La Corée du Sud cherche à renforcer ses relations en matière de défense avec l'Arabie saoudite

  • La Corée du Sud vise à devenir le quatrième exportateur mondial d'armes d'ici à 2027
  • Les principaux fabricants d'armes coréens participent au Salon mondial de la défense qui se tient jusqu’au 8 février à Riyad

SÉOUL: L'Arabie saoudite et la Corée du Sud ont signé un accord préliminaire afin d’élargir leur coopération en matière de défense, a annoncé l'agence d'achat d'armes de Séoul, alors que ce pays d'Asie de l'Est cherche à élargir son marché d'exportation pour les armes.

Le ministère saoudien de la Défense et l’Administration sud-coréenne du programme d’acquisition de la défense (Dapa), ont signé dimanche un protocole d’accord en marge du Salon mondial de la défense à Riyad.

Cet accord prévoit la formation d'un comité mixte chargé de développer la coopération dans l'industrie et la technologie de défense, et de mener la recherche et la production de systèmes d'armes, a indiqué la Dapa dans un communiqué.

«Ce protocole d'accord servira de pierre angulaire pour faire progresser les relations bilatérales en direction d’un partenariat stratégique orienté vers l'avenir», a indiqué le directeur de la Dapa, Eom Dong-Hwan. «J'espère que cet accord contribuera à développer davantage les relations bilatérales, en offrant plus d'opportunités (...) de coopération en matière de défense.»

La Corée du Sud, qui vise à devenir le quatrième exportateur mondial d'armes d'ici à 2027, a pour objectif de «diversifier les marchés d'exportation en matière de défense», a déclaré le ministre de la Défense, Shin Won-sik, qui était présent à la signature du protocole d'accord aux côtés de son homologue saoudien, Khaled ben Salmane, selon des journalistes qui se trouvaient à l'exposition de Riyad.

Le ministère sud-coréen de la Défense a déclaré mardi que la société de défense LIG Nex1 avait conclu un accord de 3,2 milliards de dollars (un dollar = 0,93 euro) pour livrer un système de défense antimissile sol-air de moyenne portée au Royaume.

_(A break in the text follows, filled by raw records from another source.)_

Lemma gate_adj_entryK g z y :
  \sum_(t : 'F_2) gate_adj_entry g z t * gate_entry g t y = (z == y)%:R.
Proof.
have hi := @mulCii algC.
have h2 : (sqrtC 2)^-1 * (sqrtC 2)^-1 * 2 = 1 :> algC.
  by rewrite -invfM -expr2 sqrtCK mulVf // pnatr_eq0.
rewrite big_ord_recl big_ord_recl big_ord0 /gate_adj_entry /gate_entry.
case: g; case: (F2_cases z) => ->; case: (F2_cases y) => -> /=.
all: rewrite /diag_exp /offdiag_exp /=; ring: hi h2.
Qed.

(* Conjugation by each gate maps [X] to [X^p Z^q] where [(p, q) = X_image g],
   and [Z] to [X^p Z^q] where [(p, q) = Z_image g], up to a phase. *)
Definition X_image (g : gate) : 'F_2 * 'F_2 :=
  match g with GI => (1,0) | GP => (1,1) | GHP => (0,1) | GPH => (1,1) | GPHP => (1,0) | GH => (0,1) end.
Definition Z_image (g : gate) : 'F_2 * 'F_2 :=
  match g with GI => (0,1) | GP => (0,1) | GHP => (1,1) | GPH => (1,0) | GPHP => (1,1) | GH => (1,0) end.

Definition conj_x (g : gate) (a b : 'F_2) : 'F_2 := a * (X_image g).1 + b * (Z_image g).1.
Definition conj_z (g : gate) (a b : 'F_2) : 'F_2 := a * (X_image g).2 + b * (Z_image g).2.
Definition conj_phase_exp (g : gate) (a b : 'F_2) : nat :=
  if diag_gate g then diag_exp g a else offdiag_exp g a (conj_x g a b).

(* Entrywise form of [Z^b X^a U = U (i^k Z^z' X^x')] for a single gate [U],
   where [(X^a psi) x = psi (x + a)]. *)
Lemma gate_entry_conj g a b x y :
  sign2 (b * x) * gate_entry g (x + a) y =
  'i ^+ conj_phase_exp g a b * gate_entry g x (y + conj_x g a b)
    * sign2 (conj_z g a b * (y + conj_x g a b)).
Proof.
rewrite /conj_phase_exp /conj_x /conj_z /gate_entry /sign2.
case: g; case: (F2_cases a) => ->; case: (F2_cases b) => ->;
  case: (F2_cases x) => ->; case: (F2_cases y) => -> /=.
all: rewrite /diag_exp /offdiag_exp /=; have hi := @mulCii algC; ring: hi.
Qed.

Lemma sum_row_prod (T : finType) (R : comPzSemiRingType) n (f : 'I_n -> T -> R) :
  \sum_(x : 'rV[T]_n) \prod_(i < n) f i (x 0 i) = \prod_(i < n) \sum_(t : T) f i t.
Proof.
rewrite bigA_distr_bigA /= (reindex (fun x : 'rV[T]_n => [ffun i => x 0 i])) /=.
  by apply: eq_bigr => x _; apply: eq_bigr => i _; rewrite ffunE.
exists (fun h : {ffun 'I_n -> T} => \row_i h i) => [x _|h _].
  by apply/rowP => i; rewrite mxE ffunE.
by apply/ffunP => i; rewrite ffunE mxE.
Qed.

Section Circuit.
Variables (n : nat) (g : 'I_n -> gate).
Implicit Types (x y z a b : bits n) (psi : state n).

Lemma dot2C x y : dot2 x y = dot2 y x.
Proof. by apply: eq_bigr => i _; rewrite mulrC. Qed.

Lemma dot2_0l x : dot2 0 x = 0.
Proof. by rewrite /dot2 big1 // => i _; rewrite mxE mul0r. Qed.

Lemma dot2Dr x y z : dot2 x (y + z) = dot2 x y + dot2 x z.
Proof. by rewrite /dot2 -big_split; apply: eq_bigr => i _; rewrite mxE mulrDr. Qed.

Lemma sign2_dot2 b x : sign2 (dot2 b x) = \prod_(i < n) sign2 (b 0 i * x 0 i).
Proof. by rewrite /dot2 (big_morph sign2 sign2D (id1 := 1) (id2 := 0)). Qed.

Definition local_kernel x y := \prod_(i < n) gate_entry (g i) (x 0 i) (y 0 i).

Lemma apply_localE psi x : apply_local g psi x = \sum_y local_kernel x y * psi y.
Proof.
by apply: eq_bigr => y _; congr (_ * _); apply: eq_bigr => i _; rewrite gate_mxE.
Qed.

Definition local_adj_kernel z x := \prod_(i < n) gate_adj_entry (g i) (z 0 i) (x 0 i).

Lemma local_adj_kernelK z y :
  \sum_x local_adj_kernel z x * local_kernel x y = (z == y)%:R.
Proof.
under eq_bigr => x _ do rewrite -big_split /=.
rewrite (sum_row_prod (fun i t => gate_adj_entry (g i) (z 0 i) t * gate_entry (g i) t (y 0 i))).
under eq_bigr => i _ do rewrite gate_adj_entryK.
have [->|neq_zy] := eqVneq z y; first by rewrite big1 // => i _; rewrite eqxx.
have [i neq_i] : exists i, z 0 i != y 0 i.
  apply/existsP; apply: contraR neq_zy => /existsPn eq_zy.
  by apply/eqP/rowP => i; apply/eqP/negPn.
by rewrite (bigD1 i) //= (negbTE neq_i) mul0r.
Qed.
(* Let $n\ge1$ and let $\mathbf s=(s_1,\dots,s_n)\in\mathbb C^n$ be typical, i.e. $s_i+s_j\neq0$ for all $i\neq j$. Then the restriction of $V(\mathbf s)$ to $W^n$ is a simple $W^n$-module.
   Context: $U(\mathfrak h_n)$ is the associative superalgebra generated by odd elements $\xi_1,\dots,\xi_n$ with $\xi_i\xi_j+\xi_j\xi_i=0$ for $i\neq j$, and $x_i=\xi_i^2$ (central); it is the enveloping algebra of the Cartan subalgebra of the queer Lie superalgebra $Q(n)$. $W^n\subset U(\mathfrak h_n)$ is the finite $W$-algebra of $Q(n)$ for the principal even nilpotent element, realized in $U(\mathfrak h_n)$ via the injective Harish-Chandra homomorphism; concretely it is the subalgebra generated by $u_k(0),u_k(1)$ ($1\le k\le n$), the even and odd parts of $\sum_{1\le i_1<\dots<i_k\le n}\prod_{j=1}^{k}(x_{i_j}+(-1)^{k-j}\xi_{i_j})$ (ordered product). For $\mathbf s\in\mathbb C^n$, $V(\mathbf s)$ is a simple $\mathbb Z_2$-graded $U(\mathfrak h_n)$-module on which each $x_i$ acts by the scalar $s_i$; it exists and is unique up to isomorphism and parity change. *)

From mathcomp Require Import all_boot all_algebra.
From mathcomp Require Import reals.
From mathcomp Require Export complex.
Set Implicit Arguments. Unset Strict Implicit. Unset Printing Implicit Defensive.
Import GRing.Theory.
Local Open Scope ring_scope.

(* A Z_2-graded vector space is modelled as V = V0 (+) V1, i.e. the product
   type V0 * V1 (even part, odd part). Operators are functions V -> V. *)
Section Super.
Variables (F : fieldType) (V0 V1 : lmodType F).
Local Notation V := (V0 * V1)%type.

Definition is_linear_op (f : V -> V) : Prop :=
  forall (a : F) (u w : V), f (a *: u + w) = a *: f u + f w.

Definition is_odd_op (f : V -> V) : Prop :=
  (forall v0 : V0, (f (v0, 0)).1 = 0) /\ (forall v1 : V1, (f (0, v1)).2 = 0).

Inductive alg_gen (G : (V -> V) -> Prop) : (V -> V) -> Prop :=
| ag_gen f : G f -> alg_gen G f
| ag_id : alg_gen G id
| ag_add f g : alg_gen G f -> alg_gen G g -> alg_gen G (fun v => f v + g v)
| ag_scale (c : F) f : alg_gen G f -> alg_gen G (fun v => c *: f v)
| ag_comp f g : alg_gen G f -> alg_gen G g -> alg_gen G (fun v => f (g v)).

Definition graded_submodule (G : (V -> V) -> Prop)
    (S0 : V0 -> Prop) (S1 : V1 -> Prop) : Prop :=
  [/\ S0 0, S1 0,
      (forall (a : F) u w, S0 u -> S0 w -> S0 (a *: u + w)),
      (forall (a : F) u w, S1 u -> S1 w -> S1 (a *: u + w)) &
      (forall f, alg_gen G f -> forall v0 v1, S0 v0 -> S1 v1 ->
         S0 (f (v0, v1)).1 /\ S1 (f (v0, v1)).2)].

Definition graded_simple (G : (V -> V) -> Prop) : Prop :=
  (exists v : V, v != 0) /\
  forall S0 S1, graded_submodule G S0 S1 ->
    ((forall v0, S0 v0 -> v0 = 0) /\ (forall v1, S1 v1 -> v1 = 0)) \/
    ((forall v0, S0 v0) /\ (forall v1, S1 v1)).

Variables (n : nat) (xi : 'I_n -> V -> V).

Definition x_op (i : 'I_n) (v : V) : V := xi i (xi i v).

(* For L = [:: i_1; ...; i_k] (i_1 < ... < i_k) and J a set of positions,
   the action of the ordered monomial obtained from
   prod_{j=1}^k (x_{i_j} + (-1)^(k-j) xi_{i_j}) by choosing the xi-summand
   exactly at the positions in J (0-based positions: j-1).  The leftmost
   factor (j = 1) is applied last. *)
Definition mono_op (k : nat) (L : seq 'I_n) (J : {set 'I_k}) (v : V) : V :=
  foldr (fun (p : 'I_k * 'I_n) w =>
           if p.1 \in J then (-1) ^+ (k - p.1.+1) *: xi p.2 w
           else x_op p.2 w)
        v (zip (enum 'I_k) L).

(* Action of u_k(b): the even (b = false, i.e. u_k(0)) resp. odd
   (b = true, i.e. u_k(1)) part of
   sum_{i_1 < ... < i_k} prod_{j=1}^k (x_{i_j} + (-1)^(k-j) xi_{i_j}).
   A monomial with |J| factors xi has parity |J| mod 2 (x even, xi odd). *)
Definition u_op (k : nat) (b : bool) (v : V) : V :=
  \sum_(A : {set 'I_n} | #|A| == k)
     \sum_(J : {set 'I_k} | odd #|J| == b) mono_op (enum A) J v.

Definition U_gens (f : V -> V) : Prop := exists i : 'I_n, f = xi i.

Definition W_gens (f : V -> V) : Prop :=
  exists (k : nat) (b : bool), [/\ (1 <= k)%N, (k <= n)%N & f = u_op k b].

End Super.

(* Let S be a graded W^n-submodule of V(s) and, for c in F^n, let xi_c be the
   odd operator sum_m c_m xi_m.  The coefficient vectors c for which xi_c
   preserves S form a subspace; it contains (1, ..., 1) because
   u_1(1) = sum_i xi_i, and it is stable under c |-> c N because
   [u_2(0), xi_c] = 2 xi_(c N), where N_mj = sgn(j - m) s_m.  For typical s the
   vector (1, ..., 1) is cyclic for N: the partial sums Phi_k of a right
   eigenvector phi of N (eigenvalue l) orthogonal to it satisfy
   (l + s_m) Phi_(m+1) = (l - s_m) Phi_m with Phi_0 = Phi_n = 0, and typicality
   lets this recurrence be run from one end or the other to get phi = 0.  Hence
   every xi_i preserves S, so S is a U(h_n)-submodule and is 0 or V(s). *)

From HB Require Import structures.
From mathcomp Require Import all_boot all_algebra.
From mathcomp Require Import reals complex.
From mathcomp Require Import ring.
Set Implicit Arguments. Unset Strict Implicit. Unset Printing Implicit Defensive.
Import GRing.Theory Num.Theory.
Local Open Scope ring_scope.

Section TwoTermRecurrence.
Variables (F : idomainType) (n : nat) (a b : 'I_n -> F) (Phi : nat -> F).
Hypothesis rec : forall m : 'I_n, a m * Phi m.+1 = b m * Phi m.

Lemma recurrence_forward k : (k <= n)%N ->
  Phi 0 = 0 -> (forall m : 'I_n, (m < k)%N -> a m != 0) -> Phi k = 0.
Proof.
elim: k => // k IHk lt_kn Phi0 a_nz.
have /eqP := rec (Ordinal lt_kn).
rewrite /= IHk ?(ltnW lt_kn) // => [|m /ltnW]; last exact: a_nz.
by rewrite mulr0 mulf_eq0 (negbTE (a_nz (Ordinal lt_kn) (ltnSn k))) => /eqP.
Qed.

Lemma recurrence_backward k : (k <= n)%N ->
  Phi n = 0 -> (forall m : 'I_n, (k <= m)%N -> b m != 0) -> Phi k = 0.
Proof.
move=> le_kn Phin; move Ed: (n - k)%N => d.
elim: d k le_kn Ed => [|d IHd] k le_kn Ed b_nz.
  by have -> : k = n by apply/eqP; rewrite eqn_leq le_kn -subn_eq0 Ed.
have lt_kn : (k < n)%N by rewrite -subn_gt0 Ed.
have /eqP := rec (Ordinal lt_kn).
rewrite /= IHd // ?subnS ?Ed // => [|m /ltnW]; last exact: b_nz.
by rewrite mulr0 eq_sym mulf_eq0 (negbTE (b_nz (Ordinal lt_kn) (leqnn k))) => /eqP.
Qed.

Lemma recurrence_boundary_zero :
  Phi 0 = 0 -> Phi n = 0 ->
  (forall m0 m : 'I_n, (m0 < m)%N -> a m0 = 0 -> b m != 0) ->
  forall k, (k <= n)%N -> Phi k = 0.
Proof.
move=> Phi0 Phin ab_nz k le_kn.
case: (pickP [pred m0 : 'I_n | (m0 < k)%N && (a m0 == 0)]) => [m0 /andP[lt_m0k /eqP am0]|a_nz].
  apply: recurrence_backward => // m le_km; apply: ab_nz am0.
  exact: leq_trans lt_m0k le_km.
apply: recurrence_forward => // m lt_mk.
by have /= := a_nz m; rewrite lt_mk => /negbT.
Qed.

End TwoTermRecurrence.

Definition typical (F : zmodType) n (s : 'I_n -> F) :=
  forall i j, i != j -> s i + s j != 0.

Section SignMatrix.
Variables (F : fieldType) (n : nat) (s : 'I_n -> F).

Definition sign_mx : 'M[F]_n :=
  \matrix_(m, j) (if (m < j)%N then s m else if (j < m)%N then - s m else 0).

Lemma mul_sign_mx (phi : 'cV_n) (m : 'I_n) : (sign_mx *m phi) m 0 =
  s m * (\sum_(j : 'I_n | (m < j)%N) phi j 0 - \sum_(j : 'I_n | (j < m)%N) phi j 0).
Proof.
rewrite mxE (big_mkcond (fun j : 'I_n => (m < j)%N)).
rewrite (big_mkcond (fun j : 'I_n => (j < m)%N)) -sumrB mulr_sumr.
by apply: eq_bigr => j _; rewrite mxE; case: ltngtP => _; ring.
Qed.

«La Corée du Sud développera un partenariat à long terme avec l'Arabie saoudite, non seulement dans le domaine des ventes d'armes, mais également en termes de coopération de défense plus élargie, pour créer un partenariat gagnant-gagnant», a affirmé Shin.

Shin s'est également entretenu avec le ministre de la Garde nationale saoudienne, Abdallah ben Bandar, lors de son séjour à Riyad, où ils ont discuté des moyens de renforcer également la coopération militaire bilatérale.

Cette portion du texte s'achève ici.